# Thiel Pocket Watch



## mel (Dec 6, 2006)

Picture not available I'm afraid - but this is a fairly clean looking Thiel pocket watch, blued steel hands, sub seconds at 6 o'clock position. Incoming in a bumper bundle of watches yesterday, and not my thing. Definitely needs worked upon - the stem and winder is missing so can't even tell if it will wind, set or run. Stem tube looks "iffy" to me, might be bent or out of line, haven't had back off to be sure. Case cosmetically about 7/10 at best, but dial and hands 9 to 9.5/10









Anyhow, anyone want it? otherwise it goes into the box under the bed to be sold on fleabay as part of another outgoing bumper bundle. Looks failry modern to be honest, dial and crystal are unmarked.

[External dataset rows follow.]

Lemma cmp_lt_trans x y z : cmp x y = Lt -> cmp y z = Lt -> cmp x z = Lt.
Proof.
elim/cnf_ind_nested: x y z => l1 IH [l2] [l3]; rewrite !cmpE.
elim: l1 IH l2 l3 => [|a l1 IHl] IH [|b l2] [|c l3] //=; case: IH => IHa IHl1.
case E1: (cmp a b) => //; case E2: (cmp b c) => //.
- by rewrite (cmp_Eq_eq E1) (cmp_Eq_eq E2) cmp_refl; apply: IHl.
- by rewrite (cmp_Eq_eq E1) E2.
- by rewrite -(cmp_Eq_eq E2) E1.
- by rewrite (IHa _ _ E1 E2).
Qed.

Lemma oge_trans : transitive oge.
Proof.
move=> y x z; rewrite /oge.
case E1: (cmp x y) => //; case E2: (cmp y z) => //; case E3: (cmp x z) => //.
- by rewrite (cmp_Eq_eq E1) E2 in E3.
- by rewrite (cmp_Eq_eq E1) E2 in E3.
- by rewrite -(cmp_Eq_eq E2) E1 in E3.
- by move: E2; rewrite (cmp_lt_trans _ E3) // cmp_antisym E1.
Qed.

Lemma cnf_normalE l : cnf_normal (C l) = all cnf_normal l && sorted oge l.
Proof. by rewrite /=; congr andb; elim: l => //= x l ->. Qed.

Lemma oge0 x : oge x ozero.
Proof. by case: x => [[|y l]]. Qed.

Lemma cmp_nlt0 x : cmp x ozero <> Lt.
Proof. by case: x => [[|y l]]. Qed.

Lemma cmp_ngt0 x : cmp x ozero <> Gt -> x = ozero.
Proof. by case: x => [[|y l]]. Qed.

Lemma cmp_seq_rcons0 la le : cmp_seq la le = Lt -> cmp_seq (la ++ [:: ozero]) le <> Gt.
Proof.
elim: la le => [|a la IH] [|b le] //=; last by case: (cmp a b) => //; apply: IH.
by case: b => [[|? ?]]; case: le.
Qed.

Lemma cmp_seq_split la lb : cmp_seq la lb <> Gt ->
  (exists r, lb = la ++ r) \/
  (exists pre a e ra rb,
    [/\ la = pre ++ a :: ra, lb = pre ++ e :: rb & cmp a e = Lt]).
Proof.
elim: la lb => [|a la IH] lb; first by left; exists lb.
case: lb => [|b lb] //=; case E: (cmp a b) => // le_ab.
- move: (cmp_Eq_eq E) => eab; subst b.
  case: (IH lb le_ab) => [[r ->]|[pre [a' [e [ra [rb [-> -> lt_a'e]]]]]]].
    by left; exists r.
  by right; exists (a :: pre), a', e, ra, rb.
- by right; exists [::], a, b, la, lb.
Qed.

(* [1 + x] equals [x] unless [x] is finite. *)
Definition one_add (x : cnf) : cnf :=
  match x with
  | C [::] => oone
  | C ((C [::] :: _) as l) => C (ozero :: l)
  | _ => x
  end.

Definition add_one (x : cnf) : cnf := let: C l := x in C (l ++ [:: ozero]).

Lemma cmp_one_add x y : cmp x y <> Gt -> cmp (one_add x) (one_add y) <> Gt.
Proof.
case: x => lx; case: y => ly; rewrite cmpE.
case: ly => [|[[|z lz]] ly']; first by case: lx => // _; rewrite cmp_refl.
  case: lx => [|y lx'] /=; first by case: ly'.
  move=> le_xy; have y0 : y = ozero.
    by apply: cmp_ngt0; move: le_xy; case: (cmp y ozero).
  by subst y; rewrite /ozero /= -cmpE in le_xy *.
by case: lx => [|[[|v lv]] lx'].
Qed.

Lemma cmp_add_one_one_add a e :
  cmp a e = Lt -> cmp (add_one (one_add a)) (one_add e) <> Gt.
Proof.
case: a => la; case: e => [[|[[|z lz]] le']]; rewrite cmpE => lt_ae.
- by case: la lt_ae.
- case: la lt_ae => [|[[|w lw]] la'] // lt_ae; first by case: le' lt_ae.
  exact: cmp_seq_rcons0 lt_ae.
- case: la lt_ae => [|[[|w lw]] la'] // lt_ae.
  exact: cmp_seq_rcons0 lt_ae.
Qed.

Lemma cnf_normal_one_add x : cnf_normal x -> cnf_normal (one_add x).
Proof. by case: x => [[|[[|z lz]] l]]. Qed.

Lemma cnf_normal_add_one y : cnf_normal y -> cnf_normal (add_one y).
Proof.
case: y => l; rewrite /add_one !cnf_normalE all_cat => /andP[-> sorted_l] /=.
by case: l sorted_l => //= x l; rewrite cat_path => -> /=; rewrite oge0.
Qed.

Fixpoint cnf_height (x : cnf) : nat :=
  let: C l := x in (foldr maxn 0 (map cnf_height l)).+1.

Lemma cnf_height_in x l : List.In x l -> cnf_height x < cnf_height (C l).
Proof.
elim: l => [|y l IH] //= [->|/IH /=]; rewrite !ltnS; first exact: leq_maxl.
by move/leq_trans; apply; apply: leq_maxr.
Qed.

Lemma cnf_height_gt1 x : x <> ozero -> 1 < cnf_height x.
Proof. by case: x => [[|[l'] l]] //= _; rewrite ltnS leq_max ltnS leq0n. Qed.

Lemma cnf_height_one_add x : cnf_height (one_add x) <= maxn (cnf_height x) 2.
Proof. by case: x => [[|[[|z lz]] l]] /=; lia. Qed.

Lemma cnf_height_add_one y : cnf_height (add_one y) <= maxn (cnf_height y) 2.
Proof.
case: y => l /=; rewrite map_cat foldr_cat /=.
suff -> : forall a s, foldr maxn a s = maxn a (foldr maxn 0 s) by lia.
by move=> a; elim=> [|x s IH] /=; rewrite ?maxn0 // IH maxnCA.
Qed.

(** * Canonical signatures *)

(* [canon1 x] is a canonical signature for [1 + x] (see [canon1E]); it is
   defined directly so that the recursion stays structural. *)
Fixpoint canon1 (x : cnf) : Sig :=
  let: C l := x in
  match l with
  | [::] => sig1
  | C [::] :: _ => sig_add (sig_exp sig1) (sum_exp (map canon1 l))
  | _ => sum_exp (map canon1 l)
  end.

Definition canon (x : cnf) : Sig := let: C l := x in sum_exp (map canon1 l).

Lemma canon_oone : sig_eq (canon oone) sig1.
Proof. by split=> //= i j; lia. Qed.

Lemma canon1E x : sig_eq (canon1 x) (canon (one_add x)).
Proof. by case: x => [[|[[|z lz]] l]]; [apply/sig_eq_sym/canon_oone | |]. Qed.

Lemma canon_cat l1 l2 :
  sig_eq (canon (C (l1 ++ l2))) (sig_add (canon (C l1)) (canon (C l2))).
Proof. by rewrite /canon !sum_expE !map_cat; apply: sig_sum_cat. Qed.

Lemma canon_add_one y : sig_eq (canon (add_one y)) (sig_add (canon y) sig1).
Proof.
case: y => l; apply: sig_eq_trans (canon_cat _ _) _.
exact: eq_sig_add (sig_eq_refl _) canon_oone.
Qed.

Lemma canon1_gt0 x : 0 < sz (canon1 x).
Proof.
elim/cnf_ind_nested: x => l IH.
by case: l IH => [|[[|z lz]] l] //= [+ _] => /=; lia.
Qed.

Lemma omega_m1_one_add e : omega_m1 (one_add e) = C [:: e].
Proof. by case: e => [[|[[|z lz]] l]]. Qed.

Lemma osum_one_add l : sorted oge l -> osum (map omega_m1 (map one_add l)) = C l.
Proof.
elim: l => [|x l IH] //= sorted_xl.
rewrite omega_m1_one_add IH; last exact: path_sorted sorted_xl.
by case: l sorted_xl {IH} => [|y l] //= /andP[->].
Qed.

Lemma oge_one_add x y : oge x y -> oge (one_add x) (one_add y).
Proof.
rewrite /oge; case E: (cmp (one_add x) (one_add y)) => //.
case E1: (cmp x y) => // _; exfalso.
all: by apply: (@cmp_one_add y x); rewrite cmp_antisym ?E1 ?E.
Qed.

Lemma canon_sum_spec l : sorted oge l ->
  cnf_all (fun e => rho_rel (canon1 e) (one_add e) /\ inR (canon1 e)) l ->
  rho_rel (canon (C l)) (C l) /\ inR (canon (C l)).
Proof.
move=> sorted_l spec_l.
have rho_l : List.Forall2 rho_rel (map canon1 l) (map one_add l).
  by elim: l {sorted_l} spec_l => [|x l IH] //= [[? _] ?]; constructor; auto.
have inR_l : List.Forall inR (map canon1 l).
  by elim: l {sorted_l rho_l} spec_l => [|x l IH] //= [[_ ?] ?]; constructor; auto.
have nz_l : List.Forall nonzero (map canon1 l).
  by elim: l {sorted_l spec_l rho_l inR_l} => [|x l IH] //=; constructor => //; apply: canon1_gt0.
split; first by rewrite -{2}(osum_one_add sorted_l); apply: rho_sum nz_l rho_l (sig_eq_refl _).
apply: (R_sum inR_l rho_l) (sig_eq_refl _).
case: l sorted_l {spec_l rho_l inR_l nz_l} => //= x l.
exact/(homo_path oge_one_add).
Qed.

Lemma canon_spec x : cnf_normal x ->
  (rho_rel (canon1 x) (one_add x) /\ inR (canon1 x)) /\
  (rho_rel (canon x) x /\ inR (canon x)).
Proof.
have spec1 : rho_rel sig1 oone /\ inR sig1.
  by split; [apply: rho_1 | apply: R_1]; apply: sig_eq_refl.
elim/cnf_ind_nested: x => l IH; rewrite cnf_normalE => /andP[normal_l sorted_l].
have spec_l : cnf_all (fun e => rho_rel (canon1 e) (one_add e) /\ inR (canon1 e)) l.
  elim: l IH normal_l {sorted_l} => [|x l IHl] //= [IHx IHl1] /andP[/IHx[spec_x _] ?].
  by split; last exact: IHl.
have spec := canon_sum_spec sorted_l spec_l; split=> //.
case: l IH normal_l sorted_l spec_l spec => [|[[|z lz]] l] // _ _ sorted_l spec_l _.
by apply: (@canon_sum_spec [:: ozero, C [::] & l]); rewrite /= ?oge0.
Qed.

(** * The canonical signature is below every signature with the same rank *)

Definition rho_rel_ind (P : Sig -> cnf -> Prop)
  (P0 : forall A, sig_eq A sig0 -> P A ozero)
  (P1 : forall A, sig_eq A sig1 -> P A oone)
  (Psum : forall A Xs bs, List.Forall nonzero Xs ->
        List.Forall2 (fun X b => rho_rel X b /\ P X b) Xs bs ->
        sig_eq A (sum_exp Xs) -> P A (osum (map omega_m1 bs))) :
  forall A b, rho_rel A b -> P A b :=
  fix F A b (H : rho_rel A b) {struct H} : P A b :=
  match H in rho_rel A b return P A b with
  | rho_0 A h => P0 A h
  | rho_1 A h => P1 A h
  | rho_sum A Xs bs nz rho_Xs eA => Psum A Xs bs nz
      ((fix G Xs bs (rho_Xs : List.Forall2 rho_rel Xs bs) {struct rho_Xs} :
           List.Forall2 (fun X b => rho_rel X b /\ P X b) Xs bs :=
         match rho_Xs in List.Forall2 _ Xs bs
           return List.Forall2 (fun X b => rho_rel X b /\ P X b) Xs bs with
         | List.Forall2_nil => List.Forall2_nil _
         | List.Forall2_cons X b Xs' bs' rho_X rho_Xs' =>
             List.Forall2_cons X b (conj rho_X (F X b rho_X)) (G Xs' bs' rho_Xs')
         end) Xs bs rho_Xs) eA
  end.

Lemma canon_filter (p : pred cnf) l : sig_le (canon (C (filter p l))) (canon (C l)).
Proof.
elim: l => [|x l IH] /=; first exact: sig_lexx.
case: (p x); first exact: sig_le_add2l.
exact: sig_le_trans IH (sig_le_summandr _ _).
Qed.

Lemma canon_oadd x y : sig_le (canon (oadd x y)) (sig_add (canon x) (canon y)).
Proof.
case: x => l1; case: y => [[|b l2]]; first exact/sig_le_refl/sig_eq_sym/sig_add0r.
exact: sig_eq_le_trans (canon_cat _ _) (sig_le_add2r _ (canon_filter _ _)).
Qed.

Lemma canon1_minus1plus b : b <> ozero -> sig_le (canon1 (minus1plus b)) (canon b).
Proof.
case: b => [[|[[|z lz]] l]] // _; last exact: sig_lexx.
case: l => [|[[|w lw]] l] /=; [exact: sig1_le | exact: sig_lexx | exact: sig_le_summandr].
Qed.

Lemma canon_omega_m1 b X : 0 < sz X -> sig_le (canon b) X ->
  sig_le (canon (omega_m1 b)) (sig_exp X).
Proof.
case: b => [[|x l]] X_gt0 le_bX; first exact: sig0_le.
apply: sig_eq_le_trans (sig_add0r _) (sig_le_exp _).
exact: sig_le_trans (canon1_minus1plus _) le_bX.
Qed.

Lemma canon_osum Xs bs : List.Forall nonzero Xs ->
  List.Forall2 (fun X b => rho_rel X b /\ sig_le (canon b) X) Xs bs ->
  sig_le (canon (osum (map omega_m1 bs))) (sum_exp Xs).
Proof.
move=> + le_bs; elim: le_bs => [|X b Xs' bs' [_ le_bX] _ IH] /=; first by move=> _; apply: sig_lexx.
move=> nz; inversion nz; subst.
apply: sig_le_trans (canon_oadd _ _) (sig_le_add _ (IH _)) => //.
exact: canon_omega_m1.
Qed.

Lemma canon_rho_le B beta : rho_rel B beta -> sig_le (canon beta) B.
Proof.
elim/rho_rel_ind=> {B beta} [A _|A eA|A Xs bs nz le_bs eA]; first exact: sig0_le.
  exact/sig_le_refl/(sig_eq_trans canon_oone)/sig_eq_sym.
exact: sig_le_eq_trans (canon_osum nz le_bs) (sig_eq_sym eA).
Qed.

(** * Monotonicity of the canonical signature *)

Lemma all_In (T : Type) (p : pred T) l : all p l -> forall x, List.In x l -> p x.
Proof. by elim: l => //= y l IH /andP[py /IH pl] x [<-|/pl]. Qed.

Lemma canon_le_cons a ra e rb :
  (forall x, List.In x (a :: ra) -> sig_le (canon1 x) (canon1 a)) ->
  sig_le (sig_add (canon1 a) sig1) (canon1 e) ->
  sig_le (canon (C (a :: ra))) (canon (C (e :: rb))).
Proof.
move=> le_xa le_ae; rewrite /canon sum_expE.
have copies : List.Forall2 sig_le (map sig_exp (map canon1 (a :: ra)))
                (nseq (size (a :: ra)) (sig_exp (canon1 a))).
  elim: (a :: ra) le_xa => [|x l IH] le_l /=; first by constructor.
  constructor; first by apply/sig_le_exp/le_l; left.
  by apply: IH => y y_l; apply: le_l; right.
apply: sig_le_trans (sig_le_sum copies) _.
apply: sig_le_trans (sig_le_copies _ _) _.
exact: sig_le_trans (sig_le_exp le_ae) (sig_le_summandl _ _).
Qed.

Lemma sorted_oge_le_head pre a ra x :
  sorted oge (pre ++ a :: ra) -> List.In x ra -> cmp x a <> Gt.
Proof.
rewrite sorted_cat_cons => /andP[_ /(order_path_min oge_trans)] /all_In ge_a /ge_a.
by rewrite /oge (cmp_antisym a x); case: (cmp a x).
Qed.

(* Induction on a bound [n] for the heights: at the first exponents [a < e]
   where the normal forms differ, [canon_le_cons] needs the claim for
   [1 + x <= 1 + a] (x an exponent after a) and [(1 + a) + 1 <= 1 + e]. *)
Lemma canon_mono n a b : cnf_height a <= n -> cnf_height b <= n ->
  cnf_normal a -> cmp a b <> Gt -> sig_le (canon a) (canon b).
Proof.
elim: n a b => [|n IH] [la] [lb] // ha hb.
rewrite cmpE cnf_normalE => /andP[normal_la sorted_la] /cmp_seq_split.
case=> [[r ?]|[pre [a [e [ra [rb [? ? lt_ae]]]]]]]; subst lb; last subst la.
  exact: sig_le_eq_trans (sig_le_summandl _ _) (sig_eq_sym (canon_cat _ _)).
have in_la x : List.In x (a :: ra) -> List.In x (pre ++ a :: ra).
  by move=> x_in; apply: List.in_or_app; right.
have h_la x : List.In x (a :: ra) -> cnf_height x <= n.
  by move/in_la/cnf_height_in; lia.
have normal_x x : List.In x (a :: ra) -> cnf_normal x.
  by move/in_la; apply: all_In normal_la x.
have h_e : cnf_height e <= n.
  have e_in : List.In e (pre ++ e :: rb) by apply: List.in_or_app; right; left.
  by have := cnf_height_in e_in; lia.
have n_ge2 : 2 <= n.
  suff : 1 < cnf_height e by lia.
  by apply: cnf_height_gt1 => e0; rewrite e0 in lt_ae; apply: (cmp_nlt0 lt_ae).
have h1 x : cnf_height x <= n -> cnf_height (one_add x) <= n.
  by have := cnf_height_one_add x; lia.
apply: sig_eq_le_trans (canon_cat _ _) (sig_le_eq_trans _ (sig_eq_sym (canon_cat _ _))).
apply/sig_le_add2l/canon_le_cons => [x x_in|].
  apply: sig_eq_le_trans (canon1E x) (sig_le_eq_trans _ (sig_eq_sym (canon1E a))).
  apply: IH; rewrite ?h1 ?h_la ?cnf_normal_one_add ?normal_x //; try by left.
  apply: cmp_one_add; case: x_in => [->|]; first by rewrite cmp_refl.
  exact: sorted_oge_le_head sorted_la.
apply: sig_eq_le_trans (eq_sig_add (canon1E a) (sig_eq_refl _)) _.
apply: sig_eq_le_trans (sig_eq_sym (canon_add_one _)) (sig_le_eq_trans _ (sig_eq_sym (canon1E e))).
apply: IH; last exact: cmp_add_one_one_add.
- by have := cnf_height_add_one (one_add a); have := h1 a (h_la a (or_introl erefl)); lia.
- exact: h1 _ h_e.
- by apply/cnf_normal_add_one/cnf_normal_one_add/normal_x; left.
Qed.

Case ca 47mm dia, crystal and dial ca 40mm, case depth ca 10mm rising to around 13mm centre of domed crystal.

Happy to bubblewrap and jiffybag it off to anyone who wants it and who would pop a wee donation into any of their local childrens charity or hospice/ward if they find it can be used for spares or a fixer-upper.

Fair?

Thiel is/was part of Ruhla at one time maybe? so it's a GDR product I would think


----------